I am having lunch with my boss today.  If it sounds like I have two bosses, it is because I do.  My immediate supervisor is someone who knows absolutely nothing about my department or anything about it.  He is, however, a seasoned manager, is very intelligent, and has great judgement.  He is also my friend.  His boss is someone who has been my friend, has supervised this department for about a decade, although she is certainly not an expert on it.  I am the only expert in our organization.

Yesterday I told my immediate supervisor (and friend) that I don’t want to do this anymore.  That I don’t know how I am going to get through the next couple of years.  He is also in the same place, and I think he has found a way to manage his own post-career career.  We will talk.  I hope he can help me to change my attitude.  Because I really don’t want to do this anymore.

There have been two other times that I have crossed days off of calendars.
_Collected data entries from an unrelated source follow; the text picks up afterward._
Lemma gammaM d d' x y : gamma d x -> gamma d' y -> gamma (d + d') (x * y).
Proof.
move=> [s1 [h1 ->]] [s2 [h2 ->]].
exists [seq (p.1 * q.1, p.2 ++ q.2) | p <- s1, q <- s2]; split.
  elim: s1 h1 => [|p s1 IH] //= /andP [hp h1]; rewrite all_cat IH // andbT all_map.
  by apply: sub_all h2 => q /= hq; rewrite size_cat; apply: leq_add.
rewrite big_allpairs_dep /= mulr_suml; apply: eq_bigr => p _.
rewrite mulr_sumr; apply: eq_bigr => q _ /=.
by rewrite big_cat /= -scalerAl -scalerAr scalerA.
Qed.

Lemma gamma1 : gamma 0 1.
Proof. by exists [:: (1, [::])]; split => //; rewrite big_seq1 big_nil scale1r. Qed.

Lemma gamma_c1 L : gamma 1 (c 1%N (cls L)).
Proof.
exists [:: (1, [:: L])]; split => //.
by rewrite big_seq1 big_seq1 scale1r.
Qed.

Lemma gammaX n x : gamma 1 x -> gamma n (x ^+ n).
Proof.
move=> hx; elim: n => [|n IH]; first by rewrite expr0; exact: gamma1.
by rewrite exprS -add1n; apply: gammaM.
Qed.

Let sum_delta1 n (F : nat -> H) : \sum_(j < n.+2) (j == 1%N :> nat)%:R *: F j = F 1%N.
Proof.
rewrite 2!big_ord_recl big1 => [|j _]; last by rewrite scale0r.
by rewrite /= scale0r scale1r add0r addr0.
Qed.

(* A formal group law is x + y modulo terms of total degree >= 2; hence it
   adds elements of gamma^1 modulo gamma^2. *)
Lemma fgl_eval_add (a : nat -> nat -> R) (N : nat) (p q : H) :
  (forall i, a i 0%N = (i == 1%N)%:R) -> (forall j, a 0%N j = (j == 1%N)%:R) ->
  (1 < N)%N -> gamma 1 p -> gamma 1 q -> gamma 2 (fgl_eval a N p q - p - q).
Proof.
move=> a_0 a0_ + hp hq; case: N => [|[|n]] // _.
have row0 : \sum_(j < n.+2) a 0%N j *: (p ^+ 0 * q ^+ j) = q.
  under eq_bigr => j _ do rewrite a0_ expr0 mul1r.
  by rewrite sum_delta1 expr1.
pose rest := \sum_(i < n.+1) \sum_(j < n.+1)
               a i.+1 j.+1 *: (p ^+ i.+1 * q ^+ j.+1).
have -> : fgl_eval a n.+2 p q = q + p + rest.
  rewrite /fgl_eval big_ord_recl row0 -addrA; congr (_ + _).
  under eq_bigr => i _ do rewrite big_ord_recl a_0 expr0 mulr1.
  rewrite big_split /= big_ord_recl big1 => [|i _]; last by rewrite scale0r.
  by rewrite /= scale1r expr1 addr0.
have -> : q + p + rest - p - q = rest by ring.
apply: gamma_sum => i _; apply: gamma_sum => j _; apply: gammaZ.
apply: (gamma_le (d := (i.+1 + j.+1)%N)); first by rewrite addnS addSn.
by apply: gammaM; apply: gammaX.
Qed.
The last time was when I was getting my masters degree. I had the days numbered till graduation, and posted on a white board outside my office.  Then 9/11 came along, and I looked at those numbers and thought of the 3,000 souls who would have loved to have those days to live – even if they were in school!  I erased the countdown that day.  I don’t believe in wasting days counting down to something.  For all I know, I won’t live that long.

But I don’t want my haste today to cause my elder years to be lived just on the edge of survival.  I got a decent raise last year, and I will get another this summer.  Every year I work my retirement income increases by 2.5%.   If I retired right now, I would get 47.5% of my annual salary, based on an average of the highest 3 years of my salary.  In September, it will be 50%, and on and on.  I had thought I would work until I am 70, but unless something changes drastically, I don’t want to do that.  I will make my goal 65, and then find a way to enjoy it.
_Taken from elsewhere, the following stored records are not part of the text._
(* The substitution [x = t^2 z] in the supremum defining the Legendre transform. *)
Lemma hgauss_scalemx n (phi : 'M[R]_n) (t : R) y : 0 < t ->
  hgauss (t *: phi) y = ((t ^- 2)%:E * hgauss phi y)%E.
Proof.
move=> t0; rewrite /hgauss /legendre -ereal_sup_pZl ?invr_gt0 ?exprn_gt0 //.
congr ereal_sup; apply/seteqP; split.
- move=> _ [x _ <-]; exists ((inner (t ^+ 2 *: x) y)%:E - ugauss phi (t ^+ 2 *: x))%E.
    by exists (t ^+ 2 *: x).
  rewrite !ugaussE innerZl qformZ qform_scalemx -EFinB -EFinM; congr EFin.
  by field; rewrite gt_eqF.
- move=> _ [_ [z _ <-] <-]; exists (t ^- 2 *: z) => //.
  rewrite !ugaussE innerZl qformZ qform_scalemx -EFinB -EFinM; congr EFin.
  by field; rewrite gt_eqF.
Qed.

End Gaussian.

Section GaussianMass.
Context {R : realType}.

Lemma JfE n (f : 'rV[R]_n -> R) : (forall x, 0 <= f x) ->
  Jf f = lint (fun x => (f x)%:E).
Proof.
move=> f0; rewrite /Jf /rint (_ : (fun x => (Num.max (- f x) 0)%:E) = fun=> 0%E).
  by under eq_fun do rewrite max_l //; rewrite lint0 sube0.
by apply/funext => x; rewrite max_r // oppr_le0.
Qed.

(* [gauss phi] is dominated by a multiple of a product of centred normal densities. *)
Lemma lint_gauss_lty n (phi : 'M[R]_n) : phi \in unitmx ->
  (lint (fun x => (gauss phi x)%:E) < +oo)%E.
Proof.
move=> phiU; have [lam lam0 qlo] := qform_ge phiU.
set sg := Num.sqrt lam^-1.
have sg2 : sg ^+ 2 = lam^-1 by rewrite sqr_sqrtr // invr_ge0 ltW.
have sg0 : sg != 0 by rewrite sqrtr_eq0 -ltNge invr_gt0.
have pk0 : 0 < normal_peak sg by exact: normal_peak_gt0.
set pdf := fun x : 'rV[R]_n => \prod_(i < n) normal_pdf 0 sg (x 0 i).
have pdf0 x : 0 <= pdf x by apply: prodr_ge0 => i _; exact: normal_pdf_ge0.
apply: (@le_lt_trans _ _
  (lint (fun x => ((normal_peak sg ^+ n)^-1)%:E * (pdf x)%:E)%E)).
  apply: le_lint => x; first by rewrite lee_fin gauss_ge0.
  rewrite -EFinM lee_fin /pdf normal_pdfE // gaussE big_split /= prodr_const.
  rewrite card_ord mulrA mulVf ?expf_neq0 ?gt_eqF // mul1r /normal_fun -expR_sum.
  rewrite ler_expR (_ : \sum_(i < n) _ = - (lam * inner x x / 2)).
    by rewrite lerN2 ler_pM2r // qlo.
  rewrite /inner mulr_sumr mulr_suml -sumrN; apply: eq_bigr => i _.
  by rewrite sg2 subr0 -mulr_natr; field; rewrite gt_eqF.
rewrite lintZl ?invr_ge0 ?exprn_ge0 ?ltW //.
rewrite /pdf (@lint_prod R n _ 1) ?expr1n ?mulr1 ?ltry //.
- exact: measurable_normal_pdf.
- by move=> s; exact: normal_pdf_ge0.
- exact: integral_normal_pdf.
Qed.

Definition cube_indic n (x : 'rV[R]_n) : R :=
  \prod_(i < n) \1_(`[1, 2]%classic : set R) (x 0 i).

Lemma cube_indic_ge0 n (x : 'rV[R]_n) : 0 <= cube_indic x.
Proof. by apply: prodr_ge0 => i _; rewrite indicE. Qed.

Lemma cube_indic_le1 n (x : 'rV[R]_n) : cube_indic x <= 1.
Proof. by apply: Num.Theory.prodr_ile1 => i _; rewrite indicE ler0n lern1 leq_b1. Qed.

Lemma cube_indic_neq0 n (x : 'rV[R]_n) : cube_indic x != 0 ->
  forall i, 1 <= x 0 i <= 2.
Proof.
move/prodf_neq0 => x_neq0 i; move: (x_neq0 i isT).
by rewrite indicE pnatr_eq0 eqb0 negbK inE /= in_itv.
Qed.

Lemma lint_cube_indic n : lint (fun x : 'rV[R]_n => (cube_indic x)%:E) = 1%E.
Proof.
rewrite (@lint_prod R n _ 1) ?expr1n // integral_indic // setIT.
have := @lebesgue_measure_itv R `[1, 2]; rewrite /= lte_fin ltr1n => ->.
by rewrite -EFinB; congr EFin; lra.
Qed.

Lemma inner_cube n (x : 'rV[R]_n) : (forall i, 1 <= x 0 i <= 2) ->
  n%:R <= inner x x <= 4 * n%:R.
Proof.
move=> x12; have -> : 4 * n%:R = \sum_(i < n) (4 : R).
  by rewrite sumr_const card_ord mulr_natr.
have -> : n%:R = \sum_(i < n) (1 : R) by rewrite sumr_const card_ord.
by apply/andP; split; apply: ler_sum => i _; have /andP[] := x12 i; nra.
Qed.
I am not “doing time.”  I am living my life.  It is up to me to find a way to bring an attitude of joy to it.  All of my old mechanisms no longer work.  I found the ones that worked through my forties and fifties, I can find new ones.  Please God.

I don’t know if anyone beyond the two or three faithful commenters reads this blog much anymore.  If you are reading, I want to thank you for hanging around while I process this huge upheaval in my life.

I have to keep remembering that God is with me, he has worked many many astounding wonders in my life, and he can again.  I just need to have faith.

 

Posted in Aging, Faith, Work | 18 Comments

Back to Work

 

IMG_7805Yes, my tulips have made their way through another winter and are in bloom.  They are such a delightful flower, so hardy, and pretty.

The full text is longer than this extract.